» WHAT YOU WILL DO
Extract each line from the entries below that has the string "into" in it.

» DATA LISTING

(* If $L\subseteq\Sigma^*$ is a Boolean combination of bounded languages, then $L\in\mathcal{L}(\mathsf{FC})$ if and only if $L\in\mathcal{L}(\mathsf{FC}[\mathsf{REG}])$.
   Context: $\Sigma$ is a fixed finite alphabet. For $w \in \Sigma^*$, $\mathsf{Facs}(w)$ is the set of all factors of $w$. The structure $\mathfrak{A}_w$ representing $w$ has universe $\mathsf{Facs}(w)\cup\{\perp\}$, a ternary relation $R_\circ=\{(x,y,z)\in\mathsf{Facs}(w)^3 : x=y\cdot z\}$, for each letter a constant interpreted as that letter if it occurs in $w$ and as $\perp$ otherwise, and a constant $\varepsilon$ interpreted as the empty word. $\mathsf{FC}$ is first-order logic over such structures, with atomic formulas $(x \mathbin{\dot=} y\cdot z)$ (meaning $R_\circ(x,y,z)$) where $x,y,z$ are variables, letters of $\Sigma$, or $\varepsilon$, closed under $\land,\lor,\neg,\exists,\forall$; quantified variables range over $\mathsf{Facs}(w)$. $\mathsf{FC}[\mathsf{REG}]$ extends $\mathsf{FC}$ with atomic regular constraints $(x \mathbin{\dot\in}\gamma)$, $\gamma$ a regular expression, which hold under an assignment $\sigma$ in $\mathfrak{A}_w$ iff $\sigma(x)$ is a factor of $w$ and $\sigma(x)\in\mathcal{L}(\gamma)$. For a sentence $\varphi$, $\mathcal{L}(\varphi)=\{w\in\Sigma^*:\mathfrak{A}_w\models\varphi\}$; $\mathcal{L}(\mathsf{FC})$ and $\mathcal{L}(\mathsf{FC}[\mathsf{REG}])$ are the classes of languages defined by sentences of the respective logics. A language $L\subseteq\Sigma^*$ is bounded if $L\subseteq w_1^*w_2^*\cdots w_n^*$ for some $n\in\mathbb{N}$ and $w_1,\dots,w_n\in\Sigma^*$. *)

From mathcomp Require Import all_boot.
Set Implicit Arguments. Unset Strict Implicit. Unset Printing Implicit Defensive.

Section FC.
Variable Sigma : finType.

Definition word := seq Sigma.
Definition language := word -> Prop.

Inductive regex : Type :=
| RE_empty : regex
| RE_eps : regex
| RE_char : Sigma -> regex
| RE_union : regex -> regex -> regex
| RE_cat : regex -> regex -> regex
| RE_star : regex -> regex.

Inductive re_lang : regex -> word -> Prop :=
| rl_eps : re_lang RE_eps [::]
| rl_char a : re_lang (RE_char a) [:: a]
| rl_unionl r s w : re_lang r w -> re_lang (RE_union r s) w
| rl_unionr r s w : re_lang s w -> re_lang (RE_union r s) w
| rl_cat r s u v : re_lang r u -> re_lang s v -> re_lang (RE_cat r s) (u ++ v)
| rl_star0 r : re_lang (RE_star r) [::]
| rl_starS r u v : re_lang r u -> re_lang (RE_star r) v -> re_lang (RE_star r) (u ++ v).

Inductive term : Type :=
| TVar : nat -> term
| TLet : Sigma -> term
| TEps : term.

Inductive formula : Type :=
| FEq : term -> term -> term -> formula
| FReg : nat -> regex -> formula
| FNot : formula -> formula
| FAnd : formula -> formula -> formula
| FOr : formula -> formula -> formula
| FEx : nat -> formula -> formula
| FAll : nat -> formula -> formula.

Fixpoint is_FC (phi : formula) : bool :=
  match phi with
  | FEq _ _ _ => true
  | FReg _ _ => false
  | FNot p => is_FC p
  | FAnd p q | FOr p q => is_FC p && is_FC q
  | FEx _ p | FAll _ p => is_FC p
  end.

Definition term_fv (t : term) : seq nat :=
  if t is TVar n then [:: n] else [::].

Fixpoint fv (phi : formula) : seq nat :=
  match phi with
  | FEq x y z => term_fv x ++ term_fv y ++ term_fv z
  | FReg x _ => [:: x]
  | FNot p => fv p
  | FAnd p q | FOr p q => fv p ++ fv q
  | FEx n p | FAll n p => filter (fun m => m != n) (fv p)
  end.

Definition sentence (phi : formula) : Prop := fv phi = [::].

Definition is_factor (w u : word) : bool := infix u w.

(* interpretation of a term in A_w under sigma; None stands for \perp *)
Definition term_eval (w : word) (sigma : nat -> word) (t : term) : option word :=
  match t with
  | TVar n => Some (sigma n)
  | TLet a => if a \in w then Some [:: a] else None
  | TEps => Some [::]
  end.

Definition upd (sigma : nat -> word) (n : nat) (u : word) : nat -> word :=
  fun m => if m == n then u else sigma m.

Fixpoint sat (w : word) (sigma : nat -> word) (phi : formula) : Prop :=
  match phi with
  | FEq x y z =>
      exists X Y Z, [/\ term_eval w sigma x = Some X,
                        term_eval w sigma y = Some Y,
                        term_eval w sigma z = Some Z &
                        [/\ is_factor w X, is_factor w Y, is_factor w Z &
                            X = Y ++ Z]]
  | FReg x g => is_factor w (sigma x) /\ re_lang g (sigma x)
  | FNot p => ~ sat w sigma p
  | FAnd p q => sat w sigma p /\ sat w sigma q
  | FOr p q => sat w sigma p \/ sat w sigma q
  | FEx n p => exists u, is_factor w u /\ sat w (upd sigma n u) p
  | FAll n p => forall u, is_factor w u -> sat w (upd sigma n u) p
  end.

(* For a sentence the assignment is irrelevant; we use the assignment
   sending every variable to the empty word (a factor of every w). *)
Definition models (w : word) (phi : formula) : Prop := sat w (fun _ => [::]) phi.

Definition FC_definable (L : language) : Prop :=
  exists phi, [/\ sentence phi, is_FC phi & forall w, L w <-> models w phi].

Definition FCREG_definable (L : language) : Prop :=
  exists phi, sentence phi /\ forall w, L w <-> models w phi.

Fixpoint in_star_prod (ws : seq word) (w : word) : Prop :=
  match ws with
  | [::] => w = [::]
  | wi :: ws' => exists k v, w = flatten (nseq k wi) ++ v /\ in_star_prod ws' v
  end.

Definition bounded (L : language) : Prop :=
  exists ws : seq word, forall w, L w -> in_star_prod ws w.

Inductive bool_comb_bounded : language -> Prop :=
| bcb_base L : bounded L -> bool_comb_bounded L
| bcb_compl L : bool_comb_bounded L -> bool_comb_bounded (fun w => ~ L w)
| bcb_union L1 L2 : bool_comb_bounded L1 -> bool_comb_bounded L2 ->
    bool_comb_bounded (fun w => L1 w \/ L2 w)
| bcb_inter L1 L2 : bool_comb_bounded L1 -> bool_comb_bounded L2 ->
    bool_comb_bounded (fun w => L1 w /\ L2 w).

End FC.

From mathcomp Require Import all_boot zify.
From mathcomp Require Import boolp.
From Stdlib Require Import Classical.
Set Implicit Arguments. Unset Strict Implicit. Unset Printing Implicit Defensive.

(* One inclusion is trivial, since every FC sentence is an FC[REG] sentence.
   For the other, a Boolean combination of bounded languages is either bounded
   or co-bounded, and both logics are closed under complement, so it suffices
   to turn an FC[REG] sentence defining a bounded language L into an FC one.
   Replacing every w_i by its primitive root, L ⊆ p_1^* ... p_n^* with all p_i
   primitive.  The FC sentence is "w ∈ p_1^* ... p_n^*" conjoined with a
   translation of the original sentence in which every regular constraint
   (x ∈ γ) is replaced by an FC formula that agrees with it on such words:
   - every factor of such a word is s · p_1^{k_1} ... p_n^{k_n} · t with s, t
     factors of the p_i (star_prod_factor);
   - γ is recognized by a morphism into a finite monoid (regex_recognizer), under
     which k |-> p^k is eventually periodic (recognizer_periodic), so membership
     in γ only depends on s, t and the classes of the k_i modulo threshold and
     period; these finitely many "shapes" are each FC-definable, because p^*
     is FC-definable for primitive p (sat_FPrimStar). *)

Section BoundedFC.
Variable Sigma : finType.
Local Notation word := (word Sigma).
Local Notation regex := (regex Sigma).
Local Notation formula := (formula Sigma).
Local Notation re_lang := (@re_lang Sigma).

Definition wpow (p : word) (k : nat) : word := flatten (nseq k p).

Lemma wpowS p k : wpow p k.+1 = p ++ wpow p k. Proof. by []. Qed.

Lemma wpowD p a b : wpow p (a + b) = wpow p a ++ wpow p b.
Proof. by elim: a => //= a IH; rewrite addSn !wpowS IH catA. Qed.

Lemma wpowSr p k : wpow p k.+1 = wpow p k ++ p.
Proof. by rewrite -addn1 wpowD /wpow /= cats0. Qed.

Lemma wpowM p a b : wpow (wpow p a) b = wpow p (a * b).
Proof. by elim: b => [|b IH]; rewrite ?muln0 // wpowS IH mulnS wpowD. Qed.

Lemma size_wpow p k : size (wpow p k) = k * size p.
Proof. by elim: k => //= k IH; rewrite wpowS size_cat IH mulSn. Qed.

Lemma wpow1 p : wpow p 1 = p. Proof. by rewrite /wpow /= cats0. Qed.

Lemma wpow_nil k : wpow [::] k = [::]. Proof. by elim: k. Qed.

Lemma cat_eq_cat (x y u v : word) : x ++ y = u ++ v ->
  (exists m, u = x ++ m /\ y = m ++ v) \/ (exists m, x = u ++ m /\ v = m ++ y).
Proof.
elim: x u => [|a x IH] [|b u] /=.
- by move=> ->; left; exists [::].
- by move=> ->; left; exists (b :: u).
- by move=> <-; right; exists (a :: x).
- by case=> -> /IH [[m [-> ->]]|[m [-> ->]]]; [left|right]; exists m.
Qed.

Lemma cat3_eq_cat (a b c x y : word) : a ++ b ++ c = x ++ y ->
  (exists c1, x = a ++ b ++ c1 /\ c = c1 ++ y) \/
  (exists a2, a = x ++ a2 /\ y = a2 ++ b ++ c) \/
  (exists b1 b2, [/\ x = a ++ b1, b = b1 ++ b2 & y = b2 ++ c]).
Proof.
rewrite catA => /cat_eq_cat [[m [-> ->]]|[m [E ->]]].
  by left; exists m; rewrite catA.
move/esym: E => /cat_eq_cat [[m' [-> ->]]|[m' [-> ->]]].
  by right; left; exists m'; rewrite catA.
by right; right; exists m', m.
Qed.

Lemma infix_cat (u v w : word) : infix (u ++ v) w -> infix u w /\ infix v w.
Proof. by move=> h; split; [exact: catr_infix h|exact: catl_infix h]. Qed.

Lemma commute_common_root (x y : word) : x ++ y = y ++ x ->
  exists t i j, x = wpow t i /\ y = wpow t j.
Proof.
move: {2}(size x + size y) (leqnn (size x + size y)) => n.
elim: n x y => [|n IH] x y hs E.
  move: hs; rewrite leqn0 addn_eq0 !size_eq0 => /andP[/eqP-> /eqP->].
  by exists [::], 0, 0.
case: x hs E => [|a x'] hs E; first by exists y, 0, 1; rewrite wpow1.
case: y hs E => [|b y'] hs E; first by exists (a :: x'), 1, 0; rewrite wpow1.
case/cat_eq_cat: (E) => [[m [E1 E2]]|[m [E1 E2]]].
- have Em : (a :: x') ++ m = m ++ (a :: x') by rewrite -E1.
  have [|t [i [j [Ex Emm]]]] := IH _ _ _ Em; first by move: hs; rewrite E1 size_cat /=; lia.
  by exists t, i, (i + j); rewrite E1 Ex Emm wpowD.
- have Em : m ++ (b :: y') = (b :: y') ++ m by rewrite -E2.
  have [|t [i [j [Emm Ey]]]] := IH _ _ _ Em; first by move: hs; rewrite E1 size_cat /=; lia.
  by exists t, (j + i), j; rewrite E1 Ey Emm wpowD.
Qed.

Definition primitive (p : word) := p <> [::] /\ forall q k, wpow q k = p -> k = 1.

(* The words commuting with a primitive word p are exactly the powers of p;
   this is what makes p^* definable in FC. *)
Lemma primitive_commute (p z : word) : primitive p -> p ++ z = z ++ p ->
  exists j, z = wpow p j.
Proof.
move=> [_ hprim] /commute_common_root [t [i [j [Ep ->]]]].
have hi := hprim t i (esym Ep).
by move: Ep; rewrite hi wpow1 => ->; exists j.
Qed.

» WRITTEN REPLY
   to turn an FC[REG] sentence defining a bounded language L into an FC one.
   - γ is recognized by a morphism into a finite monoid (regex_recognizer), under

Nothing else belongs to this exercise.